Saved entries:
(* Let $n\ge 1$ and let $L_1,L_2,\underline{b}$ be positive constants. Assume that $(k_p,k_d)\in(0,\infty)\times(0,\infty)$ satisfies $k_p^2>\bar k$ and $k_d^2>k_p/\underline{b}+\bar k$, where $\bar k=(L_1+L_2)(k_p+k_d)/\underline{b}$. Then the $2n\times 2n$ matrix $$P=\begin{bmatrix} 2k_pk_d\underline{b}I_n & k_pI_n\\ k_pI_n & k_dI_n\end{bmatrix}$$ is positive definite. Moreover, for $$A=\begin{bmatrix}0_n & I_n\\ a-k_p\theta & b-k_d\theta\end{bmatrix},$$ where $a,b,\theta$ are $n\times n$ constant matrices satisfying $\|a\|\le L_1$, $\|b\|\le L_2$ and $(\theta+\theta^{\mathsf{T}})/2\ge \underline{b}I_n>0$, there exists $\beta>0$ depending only on $(k_p,k_d,L_1,L_2,\underline{b})$ such that $PA+A^{\mathsf{T}}P\le -\beta I_{2n}$ for all such $a,b,\theta$.
   Context: Here $I_n$ and $0_n$ are the $n\times n$ identity and zero matrices, $\|\cdot\|$ is the induced Euclidean (operator) norm of a matrix, and for symmetric matrices $S_1\ge S_2$ (resp. $S_1>S_2$) means $S_1-S_2$ is positive semi-definite (resp. positive definite). *)

From HB Require Import structures.
From mathcomp Require Import all_boot all_order all_algebra.
From mathcomp Require Import boolp classical_sets reals.
Set Implicit Arguments. Unset Strict Implicit. Unset Printing Implicit Defensive.
Import Order.TTheory GRing.Theory Num.Theory.
Local Open Scope ring_scope.
Local Open Scope classical_set_scope.

Definition vnorm (R : realType) (m : nat) (x : 'cV[R]_m) : R :=
  Num.sqrt (\sum_(i < m) x i 0 ^+ 2).

Definition opnorm (R : realType) (m : nat) (A : 'M[R]_m) : R :=
  sup [set vnorm (A *m x) | x in [set x : 'cV[R]_m | vnorm x <= 1]].

Definition qform (R : realType) (m : nat) (S : 'M[R]_m) (x : 'cV[R]_m) : R :=
  (x^T *m S *m x) 0 0.

Definition psd (R : realType) (m : nat) (S : 'M[R]_m) : Prop :=
  forall x : 'cV[R]_m, 0 <= qform S x.

Definition posdef (R : realType) (m : nat) (S : 'M[R]_m) : Prop :=
  forall x : 'cV[R]_m, x != 0 -> 0 < qform S x.

Definition mxle (R : realType) (m : nat) (S1 S2 : 'M[R]_m) : Prop :=
  psd (S2 - S1).

Definition kbar (R : realType) (L1 L2 bl kp kd : R) : R :=
  (L1 + L2) * (kp + kd) / bl.

Definition Pmx (R : realType) (n : nat) (bl kp kd : R) : 'M[R]_(n + n) :=
  block_mx ((2 * kp * kd * bl) *: (1%:M : 'M[R]_n)) (kp *: 1%:M)
           (kp *: 1%:M) (kd *: 1%:M).

Definition Amx (R : realType) (n : nat) (kp kd : R) (a b theta : 'M[R]_n)
  : 'M[R]_(n + n) :=
  block_mx 0 1%:M (a - kp *: theta) (b - kd *: theta).

(* With w = kp u + kd v, the form of P A + A^T P on (u, v) equals
   2 (2 kp kd bl <u,v> + kp |v|^2 + <w, a u + b v> - <w, theta w>).
   The coercivity of theta gives <w, theta w> >= bl |w|^2, whose cross term
   cancels 2 kp kd bl <u,v> exactly: this is why P has that corner entry.
   What remains is kp |v|^2 - bl (kp^2 |u|^2 + kd^2 |v|^2) plus terms that
   the norm bounds on a and b control by (L1 + L2)(kp + kd)(|u|^2 + |v|^2),
   and the hypotheses on kp and kd make both diagonal coefficients negative.
   Positivity of P is the 2x2 criterion 2 kp kd bl * kd > kp^2. *)

From mathcomp Require Import all_boot all_order all_algebra.
From mathcomp Require Import reals.
From mathcomp Require Import ring lra.
Import Order.TTheory GRing.Theory Num.Theory.
Set Implicit Arguments. Unset Strict Implicit.
Local Open Scope ring_scope.

Section DotProduct.
Variable R : realType.

Definition dotmx (m : nat) (u v : 'cV[R]_m) : R := (u^T *m v) 0 0.

Lemma dotmxE m (u v : 'cV[R]_m) : dotmx u v = \sum_i u i 0 * v i 0.
Proof. by rewrite /dotmx mxE; apply: eq_bigr => i _; rewrite mxE. Qed.

Lemma dotmxC m (u v : 'cV[R]_m) : dotmx u v = dotmx v u.
Proof. by rewrite !dotmxE; apply: eq_bigr => i _; exact: mulrC. Qed.

Lemma dotmxDr m (u v1 v2 : 'cV[R]_m) :
  dotmx u (v1 + v2) = dotmx u v1 + dotmx u v2.
Proof. by rewrite /dotmx mulmxDr mxE. Qed.

Lemma dotmxDl m (u1 u2 v : 'cV[R]_m) :
  dotmx (u1 + u2) v = dotmx u1 v + dotmx u2 v.
Proof. by rewrite dotmxC dotmxDr !(dotmxC v). Qed.

Lemma dotmxZr m c (u v : 'cV[R]_m) : dotmx u (c *: v) = c * dotmx u v.
Proof. by rewrite /dotmx -scalemxAr mxE. Qed.

Lemma dotmxZl m c (u v : 'cV[R]_m) : dotmx (c *: u) v = c * dotmx u v.
Proof. by rewrite dotmxC dotmxZr dotmxC. Qed.

Lemma dotmxNr m (u v : 'cV[R]_m) : dotmx u (- v) = - dotmx u v.
Proof. by rewrite -scaleN1r dotmxZr mulN1r. Qed.

Lemma dotmxBr m (u v1 v2 : 'cV[R]_m) :
  dotmx u (v1 - v2) = dotmx u v1 - dotmx u v2.
Proof. by rewrite dotmxDr dotmxNr. Qed.

Lemma dotmxBl m (u1 u2 v : 'cV[R]_m) :
  dotmx (u1 - u2) v = dotmx u1 v - dotmx u2 v.
Proof. by rewrite dotmxC dotmxBr !(dotmxC v). Qed.

Lemma dotmx0r m (u : 'cV[R]_m) : dotmx u 0 = 0.
Proof. by rewrite /dotmx mulmx0 mxE. Qed.

Lemma dotmx_ge0 m (u : 'cV[R]_m) : 0 <= dotmx u u.
Proof. by rewrite dotmxE; apply: sumr_ge0 => i _; rewrite -expr2 sqr_ge0. Qed.

Lemma dotmx_eq0 m (u : 'cV[R]_m) : (dotmx u u == 0) = (u == 0).
Proof.
apply/idP/eqP => [|->]; last by rewrite dotmx0r.
rewrite dotmxE psumr_eq0 => [/allP u0|i _]; last by rewrite -expr2 sqr_ge0.
apply/matrixP => i j; rewrite (ord1 j) !mxE.
by have /implyP/(_ isT) := u0 i (mem_index_enum i); rewrite mulf_eq0 orbb => /eqP.
Qed.

Lemma dotmx_gt0 m (u : 'cV[R]_m) : u != 0 -> 0 < dotmx u u.
Proof. by rewrite lt_def dotmx_eq0 dotmx_ge0 andbT. Qed.

Lemma dotmx_col m1 m2 (u u' : 'cV[R]_m1) (v v' : 'cV[R]_m2) :
  dotmx (col_mx u v) (col_mx u' v') = dotmx u u' + dotmx v v'.
Proof. by rewrite /dotmx tr_col_mx mul_row_col mxE. Qed.

Lemma dotmx_trmx m (S : 'M[R]_m) u v : dotmx u (S^T *m v) = dotmx (S *m u) v.
Proof. by rewrite /dotmx mulmxA -trmx_mul. Qed.

Lemma qformE m (S : 'M[R]_m) x : qform S x = dotmx x (S *m x).
Proof. by rewrite /qform /dotmx mulmxA. Qed.

Lemma qformD m (S T : 'M[R]_m) x : qform (S + T) x = qform S x + qform T x.
Proof. by rewrite !qformE mulmxDl dotmxDr. Qed.

Lemma qformN m (S : 'M[R]_m) x : qform (- S) x = - qform S x.
Proof. by rewrite !qformE mulNmx dotmxNr. Qed.

Lemma qformZ m c (S : 'M[R]_m) x : qform (c *: S) x = c * qform S x.
Proof. by rewrite !qformE -scalemxAl dotmxZr. Qed.

Lemma qform1 m x : qform (1%:M : 'M[R]_m) x = dotmx x x.
Proof. by rewrite qformE mul1mx. Qed.

Lemma qform_trmx m (S : 'M[R]_m) x : qform S^T x = qform S x.
Proof. by rewrite !qformE dotmx_trmx dotmxC. Qed.

Lemma qform_mulmx_sym m (S T : 'M[R]_m) x : S^T = S ->
  qform (S *m T + T^T *m S) x = 2 * dotmx (S *m x) (T *m x).
Proof.
move=> Ssym; rewrite qformD !qformE -!mulmxA dotmx_trmx.
by rewrite -{1}Ssym dotmx_trmx dotmxC mulr2n mulrDl mul1r.
Qed.

Lemma mxle_coercive n (c : R) (S : 'M[R]_n) :
  mxle (c *: 1%:M) (2^-1 *: (S + S^T)) -> forall w, c * dotmx w w <= dotmx w (S *m w).
Proof.
move=> S_ge w; have := S_ge w.
rewrite qformD qformN !qformZ qformD qform_trmx qform1 qformE subr_ge0.
lra.
Qed.

Lemma mxle_opp_scalar n (beta : R) (M : 'M[R]_n) :
  (forall x, qform M x <= - (beta * dotmx x x)) -> mxle M (- (beta *: 1%:M)).
Proof. by move=> M_le x; rewrite qformD !qformN qformZ qform1 subr_ge0 M_le. Qed.

Lemma vnorm_sqr m (x : 'cV[R]_m) : vnorm x ^+ 2 = dotmx x x.
Proof.
rewrite /vnorm sqr_sqrtr; last by apply: sumr_ge0 => i _; exact: sqr_ge0.
by rewrite dotmxE; apply: eq_bigr => i _; rewrite expr2.
Qed.

End DotProduct.

Section OperatorNorm.
Variable R : realType.

Lemma vnorm_ge0 m (x : 'cV[R]_m) : 0 <= vnorm x.
Proof. exact: sqrtr_ge0. Qed.

Lemma vnorm0 m : vnorm (0 : 'cV[R]_m) = 0.
Proof. by rewrite /vnorm big1 ?sqrtr0 // => i _; rewrite mxE expr0n. Qed.

Lemma vnorm_gt0 m (x : 'cV[R]_m) : x != 0 -> 0 < vnorm x.
Proof.
move=> /dotmx_gt0; rewrite -vnorm_sqr [0 < vnorm _]lt_def vnorm_ge0 andbT.
by apply: contraTneq => ->; rewrite expr0n ltxx.
Qed.

Lemma vnormZ m c (x : 'cV[R]_m) : vnorm (c *: x) = `|c| * vnorm x.
Proof.
rewrite /vnorm -sqrtr_sqr -sqrtrM ?sqr_ge0 // mulr_sumr.
by congr Num.sqrt; apply: eq_bigr => i _; rewrite mxE exprMn.
Qed.

Lemma coord_le_vnorm m (x : 'cV[R]_m) i : `|x i 0| <= vnorm x.
Proof.
rewrite -sqrtr_sqr ler_sqrt; last by apply: sumr_ge0 => j _; exact: sqr_ge0.
by rewrite (bigD1 i) //= lerDl; apply: sumr_ge0 => j _; exact: sqr_ge0.
Qed.

Lemma opnorm_ub m (A : 'M[R]_m) x : vnorm x <= 1 -> vnorm (A *m x) <= opnorm A.
Proof.
move=> x1; apply: sup_upper_bound; last by exists x.
split; first by exists (vnorm (A *m x)), x.
exists (Num.sqrt (\sum_i (\sum_j `|A i j|) ^+ 2)) => _ [y /= y1 <-].
rewrite ler_sqrt; last by apply: sumr_ge0 => i _; exact: sqr_ge0.
apply: ler_sum => i _.
rewrite -real_normK ?num_real // lerXn2r ?nnegrE ?sumr_ge0 //.
rewrite mxE; apply: le_trans (ler_norm_sum _ _ _) _; apply: ler_sum => j _.
by rewrite normrM ler_piMr // (le_trans (coord_le_vnorm _ _)).
Qed.

Lemma vnorm_mulmx_le m (A : 'M[R]_m) x : vnorm (A *m x) <= opnorm A * vnorm x.
Proof.
have [->|x0] := eqVneq x 0; first by rewrite mulmx0 vnorm0 mulr0.
have N0 := vnorm_gt0 x0.
have unit_x : vnorm ((vnorm x)^-1 *: x) <= 1.
  by rewrite vnormZ ger0_norm ?invr_ge0 ?vnorm_ge0 // mulVf ?gt_eqF.
have := opnorm_ub A unit_x.
by rewrite -scalemxAr vnormZ ger0_norm ?invr_ge0 ?vnorm_ge0 // ler_pdivrMl // mulrC.
Qed.

Lemma dotmx_mulmx_le m (A : 'M[R]_m) L u v : 0 < L -> opnorm A <= L ->
  2 * dotmx u (A *m v) <= L * (dotmx u u + dotmx v v).
Proof.
move=> L0 AL.
have Av_le : dotmx (A *m v) (A *m v) <= L ^+ 2 * dotmx v v.
  rewrite -!vnorm_sqr -exprMn; apply: lerXn2r;
    rewrite ?nnegrE ?mulr_ge0 ?vnorm_ge0 ?(ltW L0) //.
  by apply: (le_trans (vnorm_mulmx_le A v)); rewrite ler_wpM2r ?vnorm_ge0.
have := dotmx_ge0 (L *: u - A *m v).
rewrite !(dotmxBl, dotmxBr, dotmxZl, dotmxZr) (dotmxC (A *m v) u) => sq_ge0.
rewrite -(ler_pM2l L0); nra.
Qed.

End OperatorNorm.

Section ScalarBlocks.
Variables (R : realType) (n : nat).

Definition scalar_block (al ga de : R) : 'M[R]_(n + n) :=
  block_mx (al *: 1%:M) (ga *: 1%:M) (ga *: 1%:M) (de *: 1%:M).

Lemma scalar_block_sym al ga de : (scalar_block al ga de)^T = scalar_block al ga de.
Proof. by rewrite /scalar_block tr_block_mx !scalemx1 !tr_scalar_mx. Qed.

Lemma scalar_block_mul_col al ga de (u v : 'cV[R]_n) :
  scalar_block al ga de *m col_mx u v = col_mx (al *: u + ga *: v) (ga *: u + de *: v).
Proof. by rewrite mul_block_col !scalemx1 !mul_scalar_mx. Qed.

Lemma qform_scalar_block al ga de (u v : 'cV[R]_n) :
  qform (scalar_block al ga de) (col_mx u v) =
  al * dotmx u u + 2 * ga * dotmx u v + de * dotmx v v.
Proof.
rewrite qformE scalar_block_mul_col dotmx_col !(dotmxDr, dotmxZr) (dotmxC v u).
ring.
Qed.

Lemma posdef_scalar_block al ga de :
  0 < al -> ga ^+ 2 < al * de -> posdef (scalar_block al ga de).
Proof.
move=> al_gt0 det_gt0 x; rewrite -[x]vsubmxK qform_scalar_block.
set u := usubmx x; set v := dsubmx x.
have [->|v0 _] := eqVneq v 0.
  rewrite col_mx_eq0 eqxx andbT => /dotmx_gt0 u_gt0.
  by rewrite !dotmx0r !mulr0 !addr0 mulr_gt0.
have := dotmx_ge0 (al *: u + ga *: v); have := dotmx_gt0 v0.
rewrite !(dotmxDl, dotmxDr, dotmxZl, dotmxZr) (dotmxC v u) => V_gt0 sq_ge0.
rewrite -(pmulr_rgt0 _ al_gt0); nra.
Qed.

End ScalarBlocks.

Section Lyapunov.
Variables (R : realType) (L1 L2 bl kp kd : R).

Lemma Pmx_posdef n : 0 < bl -> 0 < kp -> 0 < kd -> kp < bl * kd ^+ 2 ->
  posdef (Pmx n bl kp kd).
Proof.
move=> bl_gt0 kp_gt0 kd_gt0 kp_lt; apply: posdef_scalar_block.
  by rewrite !mulr_gt0.
have -> : 2 * kp * kd * bl * kd = kp * (2 * (bl * kd ^+ 2)) by ring.
by rewrite expr2 ltr_pM2l //; lra.
Qed.

Lemma Amx_mul_col n (a b theta : 'M[R]_n) (u v : 'cV[R]_n) :
  Amx kp kd a b theta *m col_mx u v =
  col_mx v (a *m u + b *m v - theta *m (kp *: u + kd *: v)).
Proof.
rewrite /Amx mul_block_col mul0mx mul1mx add0r !mulmxBl mulmxDr -!scalemxAl.
by rewrite -!scalemxAr addrACA opprD.
Qed.

Lemma dotmx_Pmx_Amx n (a b theta : 'M[R]_n) (u v : 'cV[R]_n) :
  let x := col_mx u v in let w := kp *: u + kd *: v in
  dotmx (Pmx n bl kp kd *m x) (Amx kp kd a b theta *m x) =
  2 * kp * kd * bl * dotmx u v + kp * dotmx v v
  + dotmx w (a *m u + b *m v) - dotmx w (theta *m w).
Proof.
rewrite /= Amx_mul_col [Pmx _ _ _ _]/= scalar_block_mul_col dotmx_col.
by rewrite dotmxBr dotmxDl !dotmxZl addrA.
Qed.

Definition margin_u : R := 2 * bl * kp ^+ 2 - 2 * L1 * kp - (kp * L2 + kd * L1).
Definition margin_v : R :=
  2 * bl * kd ^+ 2 - 2 * kp - 2 * kd * L2 - (kp * L2 + kd * L1).

Lemma qform_lyap_le n (a b theta : 'M[R]_n) (u v : 'cV[R]_n) :
  0 < L1 -> 0 < L2 -> 0 <= kp -> 0 <= kd ->
  opnorm a <= L1 -> opnorm b <= L2 ->
  mxle (bl *: 1%:M) (2^-1 *: (theta + theta^T)) ->
  qform (Pmx n bl kp kd *m Amx kp kd a b theta
         + (Amx kp kd a b theta)^T *m Pmx n bl kp kd) (col_mx u v) <=
  - (margin_u * dotmx u u + margin_v * dotmx v v).
Proof.
move=> L1_gt0 L2_gt0 kp_ge0 kd_ge0 a_le b_le /mxle_coercive theta_ge.
rewrite qform_mulmx_sym ?scalar_block_sym // dotmx_Pmx_Amx.
set w := kp *: u + kd *: v.
have ww : dotmx w w =
    kp ^+ 2 * dotmx u u + 2 * kp * kd * dotmx u v + kd ^+ 2 * dotmx v v.
  by rewrite /w !(dotmxDl, dotmxDr, dotmxZl, dotmxZr) (dotmxC v u); ring.
have wab : 2 * dotmx w (a *m u + b *m v) <=
    (2 * kp * L1 + kp * L2 + kd * L1) * dotmx u u
    + (kp * L2 + kd * L1 + 2 * kd * L2) * dotmx v v.
  have uau := ler_wpM2l kp_ge0 (dotmx_mulmx_le u u L1_gt0 a_le).
  have ubv := ler_wpM2l kp_ge0 (dotmx_mulmx_le u v L2_gt0 b_le).
  have vau := ler_wpM2l kd_ge0 (dotmx_mulmx_le v u L1_gt0 a_le).
  have vbv := ler_wpM2l kd_ge0 (dotmx_mulmx_le v v L2_gt0 b_le).
  rewrite /w !(dotmxDl, dotmxDr, dotmxZl); lra.
have := theta_ge w; rewrite ww /margin_u /margin_v; lra.
Qed.

Lemma margins_gt0 : 0 < L1 -> 0 < L2 -> 0 < bl -> 0 < kp -> 0 < kd ->
  kbar L1 L2 bl kp kd < kp ^+ 2 -> kp / bl + kbar L1 L2 bl kp kd < kd ^+ 2 ->
  0 < margin_u /\ 0 < margin_v.
Proof.
move=> L1_gt0 L2_gt0 bl_gt0 kp_gt0 kd_gt0.
rewrite -[_ < kp ^+ 2](ltr_pM2r bl_gt0) -[_ < kd ^+ 2](ltr_pM2r bl_gt0).
rewrite mulrDl /kbar !divfK ?gt_eqF // => kp_big kd_big.
have := mulr_gt0 L1_gt0 kp_gt0; have := mulr_gt0 L1_gt0 kd_gt0.
have := mulr_gt0 L2_gt0 kp_gt0; have := mulr_gt0 L2_gt0 kd_gt0.
rewrite /margin_u /margin_v; split; lra.
Qed.

End Lyapunov.

Theorem proposition4p3 (R : realType) (L1 L2 bl kp kd : R) :
  0 < L1 -> 0 < L2 -> 0 < bl -> 0 < kp -> 0 < kd ->
  kbar L1 L2 bl kp kd < kp ^+ 2 ->
  kp / bl + kbar L1 L2 bl kp kd < kd ^+ 2 ->
  (forall n : nat, (1 <= n)%N -> posdef (Pmx n bl kp kd)) /\
  exists beta : R, 0 < beta /\
    forall (n : nat) (a b theta : 'M[R]_n), (1 <= n)%N ->
      opnorm a <= L1 -> opnorm b <= L2 ->
      mxle (bl *: (1%:M : 'M[R]_n)) (2^-1 *: (theta + theta^T)) ->
      mxle (Pmx n bl kp kd *m Amx kp kd a b theta
            + (Amx kp kd a b theta)^T *m Pmx n bl kp kd)
           (- (beta *: (1%:M : 'M[R]_(n + n)))).
Proof.
move=> L1_gt0 L2_gt0 bl_gt0 kp_gt0 kd_gt0 kp_big kd_big.
have kbar_gt0 : 0 < kbar L1 L2 bl kp kd by rewrite divr_gt0 ?mulr_gt0 ?addr_gt0.
split=> [n _|].
  apply: Pmx_posdef => //; rewrite mulrC -ltr_pdivrMr //; lra.
have [mu_gt0 mv_gt0] := margins_gt0 L1_gt0 L2_gt0 bl_gt0 kp_gt0 kd_gt0 kp_big kd_big.
exists (Num.min (margin_u L1 L2 bl kp kd) (margin_v L1 L2 bl kp kd)).
split=> [|n a b theta _ a_le b_le theta_ge]; first by rewrite lt_min mu_gt0.
apply: mxle_opp_scalar => x; rewrite -[x]vsubmxK dotmx_col.
have kp_ge0 := ltW kp_gt0; have kd_ge0 := ltW kd_gt0.
apply: le_trans (qform_lyap_le _ _ L1_gt0 L2_gt0 kp_ge0 kd_ge0 a_le b_le theta_ge) _.
rewrite lerN2 mulrDr lerD // ler_wpM2r ?dotmx_ge0 // ge_min lexx ?orbT //.
Qed.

--- WORK ORDER ---
Filter the entries above and return only the lines holding "qformE".

--- WRITTEN RESPONSE ---
Lemma qformE m (S : 'M[R]_m) x : qform S x = dotmx x (S *m x).
Proof. by rewrite !qformE mulmxDl dotmxDr. Qed.
Proof. by rewrite !qformE mulNmx dotmxNr. Qed.
Proof. by rewrite !qformE -scalemxAl dotmxZr. Qed.
Proof. by rewrite qformE mul1mx. Qed.
Proof. by rewrite !qformE dotmx_trmx dotmxC. Qed.
move=> Ssym; rewrite qformD !qformE -!mulmxA dotmx_trmx.
rewrite qformD qformN !qformZ qformD qform_trmx qform1 qformE subr_ge0.
rewrite qformE scalar_block_mul_col dotmx_col !(dotmxDr, dotmxZr) (dotmxC v u).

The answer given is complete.